И постепенно очухался воспитатель подрастающего поколения, сориентировался, где сидит. Сидел он на берегу Москвы, позади и левее высилась княжеская Белая церковь, а в противоположную сторону уходили остатки парка, замыкаемые Ширвинским флигелем, а за ним – Розовая церковь и кладбище. Там, у церкви, стоял домик дяди Сидора Петровича.

Задуновская водка осела в кишках, проникла в мозг, кружила голову. Всё ясно! Нужно идти к дяде Сидору. Козлодоев попёрся напрямик, хрустя, словно кабан, через заросли, свалился в пересохший княжеский пруд, перешёл через него к старковской церкви, перелез через ограду, отодвинул знакомую доску в заборе и влез в огород дяди Сидора.
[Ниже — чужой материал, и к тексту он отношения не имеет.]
Definition converges_to (c : R -> pt) (z : pt) : Prop :=
  forall eps, 0 < eps -> exists T, forall t, T <= t -> edist (c t) z < eps.

Lemma converges_to_unique_cluster c z : continuous_curve c -> cluster_at_infty c z ->
  (forall y, cluster_at_infty c y -> y = z) -> converges_to c z.
Proof.
  intros Hc Hz Huniq eps Heps. apply NNPP. intros Hn.
  assert (Far : frequently (fun t => eps <= edist (c t) z)).
  { intros T. apply NNPP. intros NF. apply Hn. exists T. intros t Ht.
    apply Rnot_le_lt. intros Hle. apply NF. exists t. auto. }
  (* The curve keeps returning to the circle of radius [eps / 2] around [z]; by compactness
     of that circle, this produces a second cluster point. *)
  assert (Level : frequently (fun t => edist (c t) z = eps / 2)).
  { apply frequently_crossing.
    - intros t. apply (continuity_pt_edist_curves c (fun _ => z)); [exact Hc|].
      intros s e He. exists 1. split; [lra|]. intros u _. rewrite edist_refl. exact He.
    - apply Hz. lra.
    - revert Far. apply frequently_mono. intros t Ht. lra. }
  destruct (frequently_cluster _ c z (eps / 2) Level) as [y Hy]; [intros t -> ; lra |].
  assert (y = z) as ->.
  { apply Huniq. intros d Hd. specialize (Hy d Hd). revert Hy.
    apply frequently_mono. intros t [_ Ht]. exact Ht. }
  destruct (Hy (eps / 2) ltac:(lra) 0) as [t [_ [Ht1 Ht2]]]. lra.
Qed.

(** * Slow orbits *)

Definition uniformly_continuous_curve (c : R -> pt) : Prop :=
  forall eps, 0 < eps -> exists d, 0 < d /\ forall t s, 0 < s < d -> edist (c t) (c (t + s)) < eps.

Definition slow_curve (e : pt -> R) (c : R -> pt) : Prop :=
  exists sg, 0 < sg /\ forall t s, 0 < s < sg -> edist (c t) (c (t + s)) < e (c t).

Lemma slow_curve_intro e c : (exists m, 0 < m /\ forall t, m <= e (c t)) ->
  uniformly_continuous_curve c -> slow_curve e c.
Proof.
  intros [m [Hm Hinf]] Hunif. destruct (Hunif m Hm) as [d [Hd D]].
  exists d. split; [exact Hd|]. intros t s Hs. specialize (D t s Hs). specialize (Hinf t). lra.
Qed.

Lemma periodic_Z {A : Type} (F : R -> A) T : (forall u, F (u + T) = F u) ->
  forall k u, F (u + IZR k * T) = F u.
Proof.
  intros HT k. induction k as [|k IH|k IH] using Z.peano_ind; intros u.
  - f_equal. ring.
  - rewrite succ_IZR. replace (u + (IZR k + 1) * T) with (u + IZR k * T + T) by ring.
    rewrite HT. apply IH.
  - rewrite <- Z.sub_1_r, minus_IZR, <- HT.
    replace (u + (IZR k - 1) * T + T) with (u + IZR k * T) by ring.
    apply IH.
Qed.

Lemma periodic_reduce {A : Type} (F : R -> A) T : 0 < T -> (forall u, F (u + T) = F u) ->
  forall t, exists t0, 0 <= t0 <= T /\ forall s, F (t + s) = F (t0 + s).
Proof.
  intros HT Hper t. set (k := Int_part (t / T)).
  destruct (base_Int_part (t / T)) as [Hk1 Hk2]. fold k in Hk1, Hk2.
  assert (Ht : t / T * T = t) by (field; lra).
  exists (t - IZR k * T). split.
  - split.
    + assert (IZR k * T <= t / T * T) by (apply Rmult_le_compat_r; lra). lra.
    + assert (t / T * T <= (IZR k + 1) * T) by (apply Rmult_le_compat_r; lra). lra.
  - intros s. rewrite <- (periodic_Z F T Hper k (t - IZR k * T + s)). f_equal. ring.
Qed.

Lemma periodic_curve_lower_bound (c : R -> pt) e T : continuous_curve c -> pos_cont e -> 0 < T ->
  (forall u, c (u + T) = c u) -> exists m, 0 < m /\ forall t, m <= e (c t).
Proof.
  intros Hc [He Hpos] HT Hper.
  destruct (positive_lower_bound_on (fun t => e (c t)) 0 T) as [m [Hm Hmin]].
  - lra.
  - intros t. apply continuity_pt_comp_curve; [exact Hc | apply He].
  - intros t. apply Hpos.
  - exists m. split; [exact Hm|]. intros t.
    destruct (periodic_reduce c T HT Hper t) as [t0 [Ht0 Hred]].
    specialize (Hred 0). rewrite !Rplus_0_r in Hred. rewrite Hred. apply Hmin, Ht0.
Qed.

Lemma periodic_curve_uniformly_continuous (c : R -> pt) T : continuous_curve c -> 0 < T ->
  (forall u, c (u + T) = c u) -> uniformly_continuous_curve c.
Proof.
  intros Hc HT Hper eps Heps.
  destruct (continuous_curve_uniform_on c 0 (T + 1) eps Hc Heps) as [d [Hd D]].
  exists (Rmin 1 d). split; [apply Rmin_pos; lra|]. intros t s Hs.
  pose proof (Rmin_l 1 d). pose proof (Rmin_r 1 d).
  destruct (periodic_reduce c T HT Hper t) as [t0 [Ht0 Hred]].
  pose proof (Hred 0) as Hred0. rewrite !Rplus_0_r in Hred0. rewrite Hred0, Hred.
  apply D; [lra | lra |]. replace (t0 - (t0 + s)) with (- s) by ring.
  rewrite Rabs_Ropp, Rabs_right; lra.
Qed.

Lemma limits_outside_interval (c : R -> pt) z1 z2 eps :
  converges_to c z2 -> converges_to (fun t => c (- t)) z1 -> 0 < eps ->
  exists a b, a <= b /\ (forall t, b <= t -> edist (c t) z2 < eps) /\
                        (forall t, t <= a -> edist (c t) z1 < eps).
Proof.
  intros H2 H1 Heps. destruct (H2 eps Heps) as [T2 HT2]. destruct (H1 eps Heps) as [T1 HT1].
  exists (Rmin (- T1) T2), (Rmax (- T1) T2).
  pose proof (Rmin_l (- T1) T2). pose proof (Rmin_r (- T1) T2).
  pose proof (Rmax_l (- T1) T2). pose proof (Rmax_r (- T1) T2).
  split; [lra|]. split.
  - intros t Ht. apply HT2. lra.
  - intros t Ht. rewrite <- (Ropp_involutive t). apply HT1. lra.
Qed.

Lemma converging_curve_lower_bound (c : R -> pt) e z1 z2 : continuous_curve c -> pos_cont e ->
  converges_to c z2 -> converges_to (fun t => c (- t)) z1 ->
  exists m, 0 < m /\ forall t, m <= e (c t).
Proof.
  intros Hc [He Hpos] H2 H1.
  assert (Near : forall z, exists r, 0 < r /\ forall q, edist q z < r -> e z / 2 <= e q).
  { intros z. destruct (continuous_edist_ball e z (He z) (e z / 2)) as [r [Hr D]].
    - pose proof (Hpos z). lra.
    - exists r. split; [exact Hr|]. intros q Hq. specialize (D q Hq). apply Rabs_def2 in D. lra. }
  destruct (Near z1) as [r1 [Hr1 N1]]. destruct (Near z2) as [r2 [Hr2 N2]].
  destruct (limits_outside_interval c z1 z2 (Rmin r1 r2) H2 H1 (Rmin_pos _ _ Hr1 Hr2))
    as [a [b [Hab [Hb Ha]]]].
  destruct (positive_lower_bound_on (fun t => e (c t)) a b Hab) as [m0 [Hm0 Hmin]].
  - intros t. apply continuity_pt_comp_curve; [exact Hc | apply He].
  - intros t. apply Hpos.
  - pose proof (Hpos z1). pose proof (Hpos z2).
    pose proof (Rmin_l r1 r2). pose proof (Rmin_r r1 r2).
    exists (Rmin m0 (Rmin (e z1 / 2) (e z2 / 2))).
    pose proof (Rmin_l m0 (Rmin (e z1 / 2) (e z2 / 2))).
    pose proof (Rmin_r m0 (Rmin (e z1 / 2) (e z2 / 2))).
    pose proof (Rmin_l (e z1 / 2) (e z2 / 2)). pose proof (Rmin_r (e z1 / 2) (e z2 / 2)).
    split; [repeat apply Rmin_pos; lra|]. intros t.
    destruct (Rle_dec b t) as [Hbt|Hbt]; [|destruct (Rle_dec t a) as [Hta|Hta]].
    + specialize (N2 (c t) ltac:(specialize (Hb t Hbt); lra)). lra.
    + specialize (N1 (c t) ltac:(specialize (Ha t Hta); lra)). lra.
    + specialize (Hmin t ltac:(lra)). lra.
Qed.

Lemma converging_curve_uniformly_continuous (c : R -> pt) z1 z2 : continuous_curve c ->
  converges_to c z2 -> converges_to (fun t => c (- t)) z1 -> uniformly_continuous_curve c.
Proof.
  intros Hc H2 H1 eps Heps.
  destruct (limits_outside_interval c z1 z2 (eps / 2) H2 H1 ltac:(lra)) as [a [b [Hab [Hb Ha]]]].
  destruct (continuous_curve_uniform_on c (a - 1) (b + 1) eps Hc Heps) as [d [Hd D]].
  exists (Rmin 1 d). split; [apply Rmin_pos; lra|]. intros t s Hs.
  pose proof (Rmin_l 1 d). pose proof (Rmin_r 1 d).
  destruct (Rle_dec b t) as [Hbt|Hbt]; [|destruct (Rle_dec (t + s) a) as [Hta|Hta]].
  - pose proof (Hb t Hbt). pose proof (Hb (t + s) ltac:(lra)).
    pose proof (edist_triangle (c t) z2 (c (t + s))). rewrite (edist_sym z2) in *. lra.
  - pose proof (Ha t ltac:(lra)). pose proof (Ha (t + s) Hta).
    pose proof (edist_triangle (c t) z1 (c (t + s))). rewrite (edist_sym z1) in *. lra.
  - apply D; [lra | lra |]. replace (t - (t + s)) with (- s) by ring.
    rewrite Rabs_Ropp, Rabs_right; lra.
Qed.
Ясный и непобедимый инстинкт влёк его к сараю дровяному. Отворив скрипучую дощатую дверь, он сунулся налево, в закуток, нащупал трёхлитровую банку керосина. И взял эту банку храбрый Козлодоев, и попёрся с ней обратно; два раза чуть не разбил по дороге, пока перелезал.

Потом он выбрал путь более безопасный – берегом реки, где не было растительности и других препятствий. Кто-то вёл его, словно в спину толкал, – и усталость испарилась: ноги аж сами собой бежали вприпрыжку.

Куда?

Ясное дело – к Ширвинской школе и за Ширвинскую школу – ибо за ней, как раз у неработающей переправы, и находилась цель. К ней и устремлялся Козлодоев. Это она, она – ненавистная Красная церковь!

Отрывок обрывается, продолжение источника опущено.